*WORK TO BE COMPLETED*: In the records below, find each line with "orbT" and copy it.

[Opening LISTED ENTRIES section]

Lemma adm_wordsP w : {subset w <= code_alph} ->
  (forall i, i.+2 < size w -> admissible (nth 0 w i) (nth 0 w i.+1) (nth 0 w i.+2)) ->
  w \in adm_words (size w).
Proof.
elim: w => [|c w IH] // sub_w adm_w.
have w_in : w \in adm_words (size w).
  apply: IH => [x x_in|i lt_i]; first by apply: sub_w; rewrite inE x_in orbT.
  exact: (adm_w i.+1).
rewrite adm_wordsS; apply/flatten_mapP; exists w => //.
apply/mapP; exists c => //; rewrite mem_filter sub_w ?mem_head // andbT.
by case: w {IH w_in sub_w} adm_w => [|a [|b r]] // /(_ 0 isT).
Qed.

(* A positive super-eigenvector, for the eigenvalue 9/4, of the transfer
   matrix of admissible triples. *)
Definition weight (a b : nat) : nat :=
  match a, b with
  | 0, 0 => 51 | 0, 1 => 51 | 0, 2 => 37 | 0, 3 => 51 | 0, 5 => 51
  | 1, 0 => 31 | 2, 1 => 17 | 2, 3 => 17 | 2, 5 => 17 | 3, 0 => 31 | 5, 0 => 31
  | _, _ => 0 end.

Definition head_weight (w : seq nat) : nat := if w is a :: b :: _ then weight a b else 0.

Definition total_weight (m : nat) : nat := \sum_(w <- adm_words m) head_weight w.

Lemma weight_eigen a b : a \in code_alph -> b \in code_alph ->
  4 * \sum_(c <- code_alph | admissible c a b) weight c a <= 9 * weight a b.
Proof.
have : all (fun a => all (fun b =>
    4 * \sum_(c <- code_alph | admissible c a b) weight c a <= 9 * weight a b)
  code_alph) code_alph.
  by rewrite unlock; vm_compute.
by move=> /allP check a_in /(allP (check a a_in)).
Qed.

Lemma weight_admissible c a b : admissible c a b -> 17 <= weight c a.
Proof.
have : all (fun t => 17 <= weight t.1.1 t.1.2) admissible_triples by [].
by move/allP => check adm; apply: (check (c, a, b)).
Qed.

Lemma total_weightS m : 4 * total_weight m.+3 <= 9 * total_weight m.+2.
Proof.
rewrite {1}/total_weight adm_wordsS big_flatten big_map /total_weight !big_distrr.
rewrite big_seq [X in _ <= X]big_seq; apply: leq_sum => w w_in.
have [size_w /allP all_w] := adm_words_alph w_in.
case: w w_in size_w all_w => [|a [|b r]] // _ _ all_w.
rewrite big_map big_filter; apply: weight_eigen; apply: all_w; rewrite !inE eqxx ?orbT //.
Qed.

Lemma total_weight_bound m : 4 ^ m * total_weight m.+2 <= 385 * 9 ^ m.
Proof.
elim: m => [|m IH]; first by rewrite /total_weight unlock; vm_compute.
have := total_weightS m; rewrite !expnS.
move: IH; move: (4 ^ m) (9 ^ m) (total_weight _) (total_weight _) => x y w2 w3; nia.
Qed.

Lemma size_adm_words_le m : 17 * 4 ^ m.+1 * size (adm_words m.+3) <= 385 * 9 ^ m.+1.
Proof.
have le_size : 17 * size (adm_words m.+3) <= total_weight m.+3.
  rewrite -sum1_size big_distrr /total_weight big_seq [X in _ <= X]big_seq.
  apply: leq_sum => w /adm_words_head[c [a [b [r [-> adm]]]]].
  exact: weight_admissible adm.
have := total_weight_bound m.+1.
move: le_size; move: (4 ^ m.+1) (size _) (total_weight _) => x s w; nia.
Qed.

(** * Counting the patterns of the oscillations *)

Definition osc_patterns (n : nat) : {set 'S_n} :=
  [set s | `[< exists t, contains s (osc t) >]].

Lemma incr_gap (F : nat -> nat) k : (forall a b, a < b < k -> F a < F b) ->
  forall a b, a <= b < k -> F a + (b - a) <= F b.
Proof.
move=> F_incr a b /andP[]; elim: b => [|b IH] le_ab lt_bk.
  by move: le_ab; rewrite leqn0 => /eqP ->; rewrite subnn addn0.
case: (ltngtP a b.+1) => [lt_ab|gt_ab|<-]; [|lia|by rewrite subnn addn0].
have := IH ltac:(lia) ltac:(lia); have := F_incr b b.+1 ltac:(lia); lia.
Qed.

Lemma osc_pattern_short k t (p : 'S_k) : contains p (osc t) -> short_inversions p.
Proof.
case/osc_patternP => F [F_incr _ F_inv] a b lt_abk; rewrite F_inv //.
have := incr_gap F_incr (a := a) (b := b); rewrite /osc_inv /osc_rel; lia.
Qed.

Section PatternCodes.

Variables (k t : nat) (p : 'S_k) (F : nat -> nat).
Hypothesis F_incr : forall a b, a < b < k -> F a < F b.
Hypothesis F_lt : forall a, a < k -> F a < (osc_mid t).+2.
Hypothesis F_inv : forall a b, a < b < k ->
  (nat_ext p b < nat_ext p a) = osc_inv (osc_mid t) (F a) (F b).

Lemma pattern_code a : 0 < a -> a + 6 <= k -> code p a = osc_code F a.
Proof.
move=> a_gt0 le_ak; apply: eq_bits4 => j /andP[j_gt0 le_j4].
have lt_ak : a + j < k by lia.
rewrite /inv_at lt_ak F_inv ?lt_ak ?andbT; last lia.
have := F_incr (a := 0) (b := a); have := F_incr (a := a + j) (b := k.-1).
have := F_lt (a := k.-1).
rewrite /osc_inv /osc_rel; lia.
Qed.

Lemma pattern_code_alph a : 0 < a -> a + 6 <= k -> code p a \in code_alph.
Proof.
move=> a_gt0 le_ak; rewrite pattern_code //.
by apply: osc_code_alph => i j lt_ij; apply: F_incr; lia.
Qed.

Lemma pattern_code_admissible a : 0 < a -> a + 8 <= k ->
  admissible (code p a) (code p a.+1) (code p a.+2).
Proof.
move=> a_gt0 le_ak; rewrite !pattern_code //; try lia.
by apply: osc_code_admissible => i j lt_ij; apply: F_incr; lia.
Qed.

End PatternCodes.

Definition enc_candidates (m : nat) : seq (seq nat) :=
  [seq c :: v | c <- iota 0 16,
                v <- [seq w ++ r | w <- adm_words m, r <- words (iota 0 16) 5]].

Lemma size_enc_candidates m : size (enc_candidates m) = 16 * (size (adm_words m) * 16 ^ 5).
Proof. by rewrite size_allpairs size_allpairs size_words size_iota. Qed.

[Closing LISTED ENTRIES section]

*EXERCISE OUTPUT*:
  apply: IH => [x x_in|i lt_i]; first by apply: sub_w; rewrite inE x_in orbT.
rewrite big_map big_filter; apply: weight_eigen; apply: all_w; rewrite !inE eqxx ?orbT //.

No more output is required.